## TRY IT
Scan the records below for the word "eqDC". Copy each line where it appears.
··· ENTRIES PROVIDED ···
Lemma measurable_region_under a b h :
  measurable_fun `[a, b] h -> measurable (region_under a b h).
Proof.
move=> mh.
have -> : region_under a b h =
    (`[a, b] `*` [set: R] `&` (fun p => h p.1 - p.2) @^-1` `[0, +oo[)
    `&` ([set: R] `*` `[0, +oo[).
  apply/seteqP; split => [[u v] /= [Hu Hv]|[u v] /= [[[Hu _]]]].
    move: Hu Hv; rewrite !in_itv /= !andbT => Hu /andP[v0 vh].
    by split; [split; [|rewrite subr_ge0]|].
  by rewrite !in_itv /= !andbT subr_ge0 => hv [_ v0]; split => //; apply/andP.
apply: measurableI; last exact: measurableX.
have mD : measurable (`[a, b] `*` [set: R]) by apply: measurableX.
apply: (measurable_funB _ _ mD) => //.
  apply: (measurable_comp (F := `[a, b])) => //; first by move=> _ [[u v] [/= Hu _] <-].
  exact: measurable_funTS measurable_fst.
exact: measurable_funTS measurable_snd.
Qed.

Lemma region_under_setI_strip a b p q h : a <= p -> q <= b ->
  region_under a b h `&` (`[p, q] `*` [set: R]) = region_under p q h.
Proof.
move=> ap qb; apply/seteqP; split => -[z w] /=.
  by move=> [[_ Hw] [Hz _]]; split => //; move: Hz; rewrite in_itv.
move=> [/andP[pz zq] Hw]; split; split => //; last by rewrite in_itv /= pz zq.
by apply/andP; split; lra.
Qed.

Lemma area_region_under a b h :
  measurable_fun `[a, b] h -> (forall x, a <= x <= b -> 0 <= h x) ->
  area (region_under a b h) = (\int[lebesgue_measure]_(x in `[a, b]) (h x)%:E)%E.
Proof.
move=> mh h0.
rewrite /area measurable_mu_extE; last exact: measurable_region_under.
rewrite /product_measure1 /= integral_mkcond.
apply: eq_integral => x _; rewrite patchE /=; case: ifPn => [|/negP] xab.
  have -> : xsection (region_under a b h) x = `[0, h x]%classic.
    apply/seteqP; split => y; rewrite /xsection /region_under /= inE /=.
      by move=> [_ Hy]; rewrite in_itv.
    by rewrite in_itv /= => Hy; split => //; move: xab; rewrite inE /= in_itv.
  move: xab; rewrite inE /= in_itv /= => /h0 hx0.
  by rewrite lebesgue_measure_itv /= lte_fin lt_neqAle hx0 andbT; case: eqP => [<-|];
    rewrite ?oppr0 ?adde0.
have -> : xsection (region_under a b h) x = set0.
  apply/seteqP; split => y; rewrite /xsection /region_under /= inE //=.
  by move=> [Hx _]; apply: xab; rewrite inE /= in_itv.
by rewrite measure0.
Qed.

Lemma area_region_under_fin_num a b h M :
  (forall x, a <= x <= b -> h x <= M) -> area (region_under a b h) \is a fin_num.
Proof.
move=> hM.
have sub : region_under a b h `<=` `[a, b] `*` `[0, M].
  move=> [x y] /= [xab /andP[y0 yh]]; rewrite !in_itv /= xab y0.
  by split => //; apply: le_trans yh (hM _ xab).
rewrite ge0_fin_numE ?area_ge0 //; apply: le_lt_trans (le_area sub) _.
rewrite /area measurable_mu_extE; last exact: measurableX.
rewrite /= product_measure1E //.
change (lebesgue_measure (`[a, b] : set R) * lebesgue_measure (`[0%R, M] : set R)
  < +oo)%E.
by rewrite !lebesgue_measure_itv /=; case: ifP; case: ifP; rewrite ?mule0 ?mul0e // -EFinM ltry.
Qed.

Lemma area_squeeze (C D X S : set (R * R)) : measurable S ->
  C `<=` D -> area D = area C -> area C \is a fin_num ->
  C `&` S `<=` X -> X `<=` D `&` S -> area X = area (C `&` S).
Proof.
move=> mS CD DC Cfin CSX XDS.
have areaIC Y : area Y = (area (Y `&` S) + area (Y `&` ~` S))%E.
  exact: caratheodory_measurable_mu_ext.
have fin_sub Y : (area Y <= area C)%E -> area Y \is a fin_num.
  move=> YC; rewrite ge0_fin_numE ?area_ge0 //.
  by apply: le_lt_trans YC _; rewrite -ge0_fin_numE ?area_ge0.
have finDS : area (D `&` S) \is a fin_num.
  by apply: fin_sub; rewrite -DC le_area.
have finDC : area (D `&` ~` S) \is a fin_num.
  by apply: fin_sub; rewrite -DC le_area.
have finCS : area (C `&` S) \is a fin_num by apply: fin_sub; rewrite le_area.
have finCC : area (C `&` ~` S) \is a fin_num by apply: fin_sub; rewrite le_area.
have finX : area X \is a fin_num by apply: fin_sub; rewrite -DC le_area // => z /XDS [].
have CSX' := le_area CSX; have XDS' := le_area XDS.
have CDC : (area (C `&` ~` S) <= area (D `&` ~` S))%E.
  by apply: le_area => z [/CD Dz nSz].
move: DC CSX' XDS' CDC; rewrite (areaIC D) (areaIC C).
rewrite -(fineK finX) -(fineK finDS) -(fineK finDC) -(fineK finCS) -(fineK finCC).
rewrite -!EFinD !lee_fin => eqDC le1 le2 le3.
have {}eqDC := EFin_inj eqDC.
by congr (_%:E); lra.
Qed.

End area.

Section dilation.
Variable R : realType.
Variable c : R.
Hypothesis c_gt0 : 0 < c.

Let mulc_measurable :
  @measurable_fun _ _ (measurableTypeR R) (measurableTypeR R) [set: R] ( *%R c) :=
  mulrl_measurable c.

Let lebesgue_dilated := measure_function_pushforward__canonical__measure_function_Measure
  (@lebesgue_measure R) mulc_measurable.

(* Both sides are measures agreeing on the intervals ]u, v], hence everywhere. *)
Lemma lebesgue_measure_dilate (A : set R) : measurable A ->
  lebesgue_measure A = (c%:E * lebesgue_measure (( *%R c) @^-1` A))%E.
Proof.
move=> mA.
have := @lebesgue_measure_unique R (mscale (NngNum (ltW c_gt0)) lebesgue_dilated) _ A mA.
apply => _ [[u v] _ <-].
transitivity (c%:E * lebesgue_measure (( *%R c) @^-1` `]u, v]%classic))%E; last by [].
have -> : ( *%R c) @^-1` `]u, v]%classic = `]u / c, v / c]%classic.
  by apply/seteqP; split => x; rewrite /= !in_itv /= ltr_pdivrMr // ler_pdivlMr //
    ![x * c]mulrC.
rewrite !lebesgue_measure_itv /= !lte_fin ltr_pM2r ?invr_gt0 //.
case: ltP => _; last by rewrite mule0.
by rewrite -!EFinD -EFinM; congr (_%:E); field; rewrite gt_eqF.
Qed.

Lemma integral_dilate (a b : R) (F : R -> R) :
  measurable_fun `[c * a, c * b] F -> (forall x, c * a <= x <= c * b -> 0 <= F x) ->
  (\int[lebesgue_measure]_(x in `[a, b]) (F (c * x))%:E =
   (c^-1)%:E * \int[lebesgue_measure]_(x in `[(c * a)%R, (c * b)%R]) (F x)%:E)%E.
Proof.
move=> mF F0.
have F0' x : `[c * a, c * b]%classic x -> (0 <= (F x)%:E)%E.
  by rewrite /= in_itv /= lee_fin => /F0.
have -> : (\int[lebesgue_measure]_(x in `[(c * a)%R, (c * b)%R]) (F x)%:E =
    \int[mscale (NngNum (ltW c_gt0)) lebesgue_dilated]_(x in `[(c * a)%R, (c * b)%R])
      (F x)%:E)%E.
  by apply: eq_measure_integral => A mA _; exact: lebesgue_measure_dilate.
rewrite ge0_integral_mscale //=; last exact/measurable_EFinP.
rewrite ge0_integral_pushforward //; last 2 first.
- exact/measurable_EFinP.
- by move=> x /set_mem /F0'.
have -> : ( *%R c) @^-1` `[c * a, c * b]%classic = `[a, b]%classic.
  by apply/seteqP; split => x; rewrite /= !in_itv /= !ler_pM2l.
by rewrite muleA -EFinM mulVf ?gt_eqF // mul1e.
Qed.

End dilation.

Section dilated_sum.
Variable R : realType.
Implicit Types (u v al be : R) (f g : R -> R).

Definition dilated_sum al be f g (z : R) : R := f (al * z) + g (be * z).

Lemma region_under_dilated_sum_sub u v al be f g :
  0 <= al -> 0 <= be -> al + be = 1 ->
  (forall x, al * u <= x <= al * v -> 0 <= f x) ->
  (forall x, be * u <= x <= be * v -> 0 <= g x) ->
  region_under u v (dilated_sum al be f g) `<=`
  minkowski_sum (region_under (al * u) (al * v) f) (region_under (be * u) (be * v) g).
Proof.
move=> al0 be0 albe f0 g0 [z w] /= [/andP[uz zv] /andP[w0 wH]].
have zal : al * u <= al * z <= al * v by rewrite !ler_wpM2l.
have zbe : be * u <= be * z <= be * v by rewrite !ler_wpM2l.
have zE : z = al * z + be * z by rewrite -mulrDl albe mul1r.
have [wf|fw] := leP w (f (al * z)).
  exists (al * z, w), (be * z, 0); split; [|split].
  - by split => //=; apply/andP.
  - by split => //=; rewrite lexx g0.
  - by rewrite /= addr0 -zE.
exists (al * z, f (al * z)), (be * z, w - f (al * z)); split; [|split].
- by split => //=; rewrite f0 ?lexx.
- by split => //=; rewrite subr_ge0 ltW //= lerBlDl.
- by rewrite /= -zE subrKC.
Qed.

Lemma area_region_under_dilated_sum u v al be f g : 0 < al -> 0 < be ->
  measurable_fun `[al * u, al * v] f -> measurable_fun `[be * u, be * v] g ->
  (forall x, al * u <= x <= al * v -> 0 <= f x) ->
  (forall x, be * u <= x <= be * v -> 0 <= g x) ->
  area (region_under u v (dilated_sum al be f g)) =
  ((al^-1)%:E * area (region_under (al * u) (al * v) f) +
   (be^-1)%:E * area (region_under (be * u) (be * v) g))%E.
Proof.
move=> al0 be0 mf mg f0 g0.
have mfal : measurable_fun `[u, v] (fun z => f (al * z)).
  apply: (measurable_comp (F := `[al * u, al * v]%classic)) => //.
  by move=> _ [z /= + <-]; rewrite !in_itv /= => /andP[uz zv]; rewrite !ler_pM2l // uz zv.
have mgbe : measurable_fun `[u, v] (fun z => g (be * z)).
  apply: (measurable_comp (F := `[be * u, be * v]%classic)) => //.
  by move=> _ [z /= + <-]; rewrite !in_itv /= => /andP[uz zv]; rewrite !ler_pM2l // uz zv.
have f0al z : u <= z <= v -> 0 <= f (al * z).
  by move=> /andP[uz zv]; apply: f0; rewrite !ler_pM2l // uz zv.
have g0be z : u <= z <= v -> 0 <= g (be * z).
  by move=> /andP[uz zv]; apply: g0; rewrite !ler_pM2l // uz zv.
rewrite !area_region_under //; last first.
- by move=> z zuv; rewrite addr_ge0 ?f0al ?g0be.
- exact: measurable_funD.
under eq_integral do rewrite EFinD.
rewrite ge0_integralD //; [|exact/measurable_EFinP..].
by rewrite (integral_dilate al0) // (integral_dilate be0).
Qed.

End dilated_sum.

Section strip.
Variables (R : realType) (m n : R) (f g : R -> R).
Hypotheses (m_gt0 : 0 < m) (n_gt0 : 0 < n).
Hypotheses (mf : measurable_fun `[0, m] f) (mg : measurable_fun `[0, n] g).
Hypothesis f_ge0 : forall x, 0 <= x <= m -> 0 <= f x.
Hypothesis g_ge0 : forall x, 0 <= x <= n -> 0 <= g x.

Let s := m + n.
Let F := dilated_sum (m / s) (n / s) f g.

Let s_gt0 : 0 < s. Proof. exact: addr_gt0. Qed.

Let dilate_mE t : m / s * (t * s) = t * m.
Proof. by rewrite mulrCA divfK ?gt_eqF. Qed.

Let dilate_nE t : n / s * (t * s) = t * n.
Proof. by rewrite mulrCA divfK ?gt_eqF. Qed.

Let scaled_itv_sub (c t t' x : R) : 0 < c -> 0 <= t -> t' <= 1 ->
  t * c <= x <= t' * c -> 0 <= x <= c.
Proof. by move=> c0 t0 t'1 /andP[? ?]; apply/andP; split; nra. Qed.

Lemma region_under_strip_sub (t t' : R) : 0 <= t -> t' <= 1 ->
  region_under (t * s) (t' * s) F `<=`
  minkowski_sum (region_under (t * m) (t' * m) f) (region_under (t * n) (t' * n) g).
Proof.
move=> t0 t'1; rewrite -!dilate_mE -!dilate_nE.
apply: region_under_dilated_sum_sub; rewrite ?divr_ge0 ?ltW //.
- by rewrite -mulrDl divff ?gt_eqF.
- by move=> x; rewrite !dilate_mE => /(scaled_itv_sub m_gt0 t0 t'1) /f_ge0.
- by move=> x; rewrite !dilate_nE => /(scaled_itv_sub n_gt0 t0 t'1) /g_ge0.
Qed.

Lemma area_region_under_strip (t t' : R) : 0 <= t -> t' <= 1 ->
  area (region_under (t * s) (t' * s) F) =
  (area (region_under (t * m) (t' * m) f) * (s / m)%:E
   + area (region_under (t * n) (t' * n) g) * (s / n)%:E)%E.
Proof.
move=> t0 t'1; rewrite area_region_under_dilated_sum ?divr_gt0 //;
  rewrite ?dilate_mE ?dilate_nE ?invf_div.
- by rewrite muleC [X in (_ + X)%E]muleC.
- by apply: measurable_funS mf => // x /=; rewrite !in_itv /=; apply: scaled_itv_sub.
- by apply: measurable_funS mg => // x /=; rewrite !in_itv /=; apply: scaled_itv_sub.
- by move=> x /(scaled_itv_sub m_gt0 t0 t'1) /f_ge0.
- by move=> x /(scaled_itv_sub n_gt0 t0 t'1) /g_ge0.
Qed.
···
## EXPECTED OUTPUT
rewrite -!EFinD !lee_fin => eqDC le1 le2 le3.
have {}eqDC := EFin_inj eqDC.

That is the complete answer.